A cryptocurrency exchange or digital currency exchange (DCE) is a business that allows customers to trade cryptocurrencies. Cryptocurrency exchanges can be market makers, usually using the bid-ask spread as a commission for services, or as a matching platform, by simply charging fees. A cryptocurrency exchange or digital currency exchange (DCE) is a place that allows customers to trade cryptocurrencies. Cryptocurrency exchanges can be market makers (usually using the bid-ask spread as a commission for services) or a matching platform (simply charging fees).
Drastic fluctuations The volatility of cryptocurrencies are often likely to attract speculative interest and investors. The rapid fluctuations of intraday prices can provide traders with great money-earning opportunities, but it also includes more risk.
24-h market The cryptocurrency market is available 24 h a day, 7 days a week because it is a decentralised market. Unlike buying and selling stocks and commodities, the cryptocurrency market is not traded physically from a single location. Cryptocurrency transactions can take place between individuals, in different venues across the world.
Peer-to-peer transactions One of the biggest benefits of cryptocurrencies is that they do not involve financial institution intermediaries. As mentioned above, this can reduce transaction costs. Moreover, this feature might appeal to users who distrust traditional systems.
Scalability problem Before the massive expansion of the technology infrastructure, the number of transactions and the speed of transactions cannot compete with traditional currency trading. Scalability issues led to a multi-day trading backlog in March 2020, affecting traders looking to move cryptocurrencies from their personal wallets to exchanges (Forbes 2021).

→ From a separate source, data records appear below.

Lemma length_pre (p : baire) m : length (pre p m) = m.
Proof. unfold pre. rewrite length_map, length_seq. reflexivity. Qed.

(** * Computable total maps *)

Fixpoint code_map (F : nat -> nat -> nat) (n c k : nat) : nat :=
  match n with 0 => 0 | S j => S (cpair (F c (k - S j)) (code_map F j c k)) end.

Lemma code_map_eq F n c k : n <= k -> code_map F n c k = lcode (map (F c) (seq (k - n) n)).
Proof.
  induction n; intros H; simpl; auto. rewrite IHn by lia.
  replace (k - n) with (S (k - S n)) by lia. reflexivity.
Qed.

Lemma primrec_code_map F : primrec 2 (uncurry2 F) -> primrec 3 (uncurry3 (code_map F)).
Proof.
  intros HF. apply (primrec_rec3 (fun _ _ => 0) (fun j r c k => S (cpair (F c (k - S j)) r))); auto.
  - apply primrec_const.
  - apply primrec_succ, primrec_cpair; [|primrec_proj].
    apply primrec_comp2; auto; [primrec_proj|].
    apply primrec_sub; [|apply primrec_succ]; primrec_proj.
Qed.

(* On a prefix of length [m] the machine writes the first [m - L] letters of the
   output, so [F] may consult the input up to [L] positions beyond the letter. *)
Lemma computes_of_primrec_prefix (L : nat) (F : nat -> nat -> nat) :
  primrec 2 (uncurry2 F) ->
  exists e, forall p q, (forall m i, i + L < m -> F (lcode (pre p m)) i = q i) -> computes e p q.
Proof.
  intros HF.
  set (out := fun c => code_map F (code_len c - L) c (code_len c - L)).
  assert (Hout_pr : primrec 1 (uncurry1 out)).
  { unfold out. apply primrec_comp3; [apply primrec_code_map; auto | | primrec_proj |];
      apply primrec_sub; try apply primrec_const; apply primrec_code_len; primrec_proj. }
  destruct Hout_pr as [e [He Hout_e]]. exists e. intros p q Hq.
  assert (Hout : forall m, out (lcode (pre p m)) = lcode (pre q (m - L))).
  { intros m. unfold out. rewrite code_len_lcode, length_pre, code_map_eq by lia.
    replace (m - L - (m - L)) with 0 by lia. f_equal.
    apply map_ext_in. intros i Hi. apply in_seq in Hi. apply Hq. lia. }
  assert (Hw : forall m, wout e p m (pre q (m - L))).
  { intros m. unfold wout. rewrite <- Hout. apply (Hout_e [_]). reflexivity. }
  assert (Hw_eq : forall m w, wout e p m w -> w = pre q (m - L)).
  { intros m w H. apply lcode_inj. exact (eval_det _ _ _ H He _ (Hw m)). }
  split; [|split].
  - intros m. eexists; apply Hw.
  - intros m w w' H1 H2. apply Hw_eq in H1, H2. subst.
    destruct (le_lt_dec L m).
    + replace (S m - L) with (S (m - L)) by lia. rewrite pre_S. eauto.
    + replace (S m - L) with 0 by lia. replace (m - L) with 0 by lia. exists []. reflexivity.
  - intros n. exists (S n + L), (pre q (S n)). split.
    + replace (S n) with (S n + L - L) at 2 by lia. apply Hw.
    + unfold pre. rewrite nth_error_map, nth_error_seq.
      destruct (Nat.ltb_spec n (S n)); [reflexivity | lia].
Qed.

Cybersecurity issues As a digital technology, cryptocurrencies are subject to cyber security breaches and can fall into the hands of hackers. Recently, over $600 million of ethereum and other cryptocurrencies were stolen in August 2021 in blockchain-based platform Poly Network (Forbes 2021). Mitigating this situation requires ongoing maintenance of the security infrastructure and the use of enhanced cyber security measures that go beyond those used in traditional banking (Kou et al. 2021).